Many in Winnipeg’s football community are feeling a range of emotions after a high school gym teacher and football coach was charged with sexual assault this week.
Kelsey Albert Dana McKay, 51, of Winnipeg was arrested Tuesday and charged with five counts of sexual assault, four counts of sexual exploitation, one count of sexual interference and four counts of luring.
He was arrested after five of his former students came forward with allegations of sexual assault that happened between 2004 and 2011, while they were students at Churchill High School and Vincent Massey Collegiate.
“Like anybody, I was shocked when you hear something like that, you can’t believe it,” Bradley Black told Global News. Black currently runs Recruit Ready, a high-performance football program that works with young athletes.
Black went to Oak Park High School, but was on a provincial football team coached by the accused in the late 1990s.
“Once the shock of it all kind of wears off you have some anger, disappointment, a lot of empathy for the victims in this obviously,” Black said, adding that there’s a similar sentiment among many in Winnipeg’s football community.
Black says while the incident is not isolated to football or athletics in general, it’s important for parents to be involved with their kids activities and pay attention to who their child trusts.
“Be involved in your kids sports as much as you possible can – Ask the right questions, know what’s going on, understand the dynamics between your son or daughter and their coaches,” he said.
“If your son or daughter is really close with the coach and they’re spending time outside of practices and events together, make sure that relationship with you as a parent and the coach is as strong as your child or athlete’s relationship is with that coach.”

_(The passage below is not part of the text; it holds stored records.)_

(* In the setting below, fix $k,d\in\mathbb N$, let $\omega$ be the smallest integer with $2\omega\ge\max\{\deg f,\deg g_1,\ldots,\deg g_m\}$, and assume $2\omega\le d_{\max}$. Let $((\boldsymbol\theta^{*\ell})_{\ell=1}^p,\mathbf y^* )$ be an optimal solution of the dual program defining $\tilde q^k_d$. If $\operatorname{rank}\mathbf M_\omega(\boldsymbol\theta^{*\ell})=1$ for every $\ell=1,\ldots,p$, then $\tilde q^k_d=f^*$ and $\mathbf x^*:=(y^*_{e_1},\ldots,y^*_{e_n})$ (where $e_i$ is the $i$-th unit multi-index) is an optimal solution of (P).
   Context: Problem (P): $f^*=\min\{f(\mathbf x):\mathbf x\in\mathbf K\}$ with $\mathbf K=\{\mathbf x\in\mathbb R^n:0\le g_j(\mathbf x)\le 1,\ j=1,\ldots,m\}$, $f,g_j\in\mathbb R[\mathbf x]$ ($f^*=+\infty$ if $\mathbf K=\emptyset$). $\mathbb R[\mathbf x;I]$ is the ring of polynomials in $\{x_i:i\in I\}$. Sparsity Assumption: there are $p\in\mathbb N$ and sets $I_\ell\subseteq\{1,\ldots,n\}$, $J_\ell\subseteq\{1,\ldots,m\}$ with $f=\sum_\ell f^\ell$ for some $f^\ell\in\mathbb R[\mathbf x;I_\ell]$, $g_j\in\mathbb R[\mathbf x;I_\ell]$ for $j\in J_\ell$, $\bigcup_\ell I_\ell=\{1,\ldots,n\}$, $\bigcup_\ell J_\ell=\{1,\ldots,m\}$, and for every $\ell\le p-1$ some $s\le\ell$ with $I_{\ell+1}\cap\bigcup_{r\le\ell}I_r\subseteq I_s$. $h_{\alpha\beta}=\prod_j g_j^{\alpha_j}(1-g_j)^{\beta_j}$; $N^\ell_d=\{(\alpha,\beta)\in\mathbb N_0^m\times\mathbb N_0^m:\mathrm{supp}(\alpha)\cup\mathrm{supp}(\beta)\subseteq J_\ell,\ \sum_j(\alpha_j+\beta_j)\le d\}$; $d_{\max}=\max\{\deg f,2k,d\max_j\deg g_j\}$. Let $\mathcal I_\ell=\{\gamma\in\mathbb N_0^n:|\gamma|\le d_{\max},\ \mathrm{supp}(\gamma)\subseteq I_\ell\}$, $\Gamma=\bigcup_\ell\mathcal I_\ell$. For a sequence $\boldsymbol\theta=(\theta_\gamma)$, $L_{\boldsymbol\theta}(\sum_\gamma q_\gamma\mathbf x^\gamma)=\sum_\gamma q_\gamma\theta_\gamma$, and for $t$ with $2t\le d_{\max}$, $\mathbf M_t(\boldsymbol\theta^\ell)$ is the matrix indexed by $\alpha,\beta\in\mathcal I_\ell$ with $|\alpha|,|\beta|\le t$, with entries $\theta^\ell_{\alpha+\beta}$. Dual program: $\tilde q^k_d=\inf\{L_{\mathbf y}(f):\mathbf y=(y_\gamma)_{\gamma\in\Gamma},\ \boldsymbol\theta^\ell=(\theta^\ell_\gamma)_{\gamma\in\mathcal I_\ell},\ y_\gamma=\theta^\ell_\gamma\ \forall\ell,\ \gamma\in\mathcal I_\ell,\ y_0=1,\ \mathbf M_k(\boldsymbol\theta^\ell)\succeq0,\ L_{\boldsymbol\theta^\ell}(h_{\alpha\beta})\ge0\ \forall(\alpha,\beta)\in N^\ell_d,\ \ell=1,\ldots,p\}$. *)

From HB Require Import structures.
From mathcomp Require Import all_boot all_order all_algebra.
Set Implicit Arguments. Unset Strict Implicit. Unset Printing Implicit Defensive.
Import Order.TTheory GRing.Theory Num.Theory.
Local Open Scope ring_scope.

“Really put a premium on being involved. And if there’s anything that kind of doesn’t seem right or doesn’t really add up to you, ask questions, talk to other coaches on the team, talk to other parents on the team,” Black added.
Registered psychologist Julia Riddell says there is a myriad of reasons why victims take years to come forward, and in some cases they never do.
“One of them is as a society we ask a lot of questions and make statements to survivors that indicate they did something wrong or should have done something differently,” Riddell told Global News.
“So whether it’s friends and family or through the criminal justice system during the persecution process, often survivors will asked things like, ‘Why were you at their house alone, what were you wearing, or how much did you have to drink’,” Riddell explained.
“Or (they) make statements like, ‘You shouldn’t have been drinking at all or you shouldn’t have been walking alone at night’. (Those) sort of things place the blame on survivors, when we really should be placing the blame on people who are engaging in those assault behaviours.”
She also says it’s important for parents to have conversations with their children about consent, even from a young age.
“We can start talking about kids when they’re three or four or five years about consent to our bodies, so the difference between healthy touch and non-healthy touch.”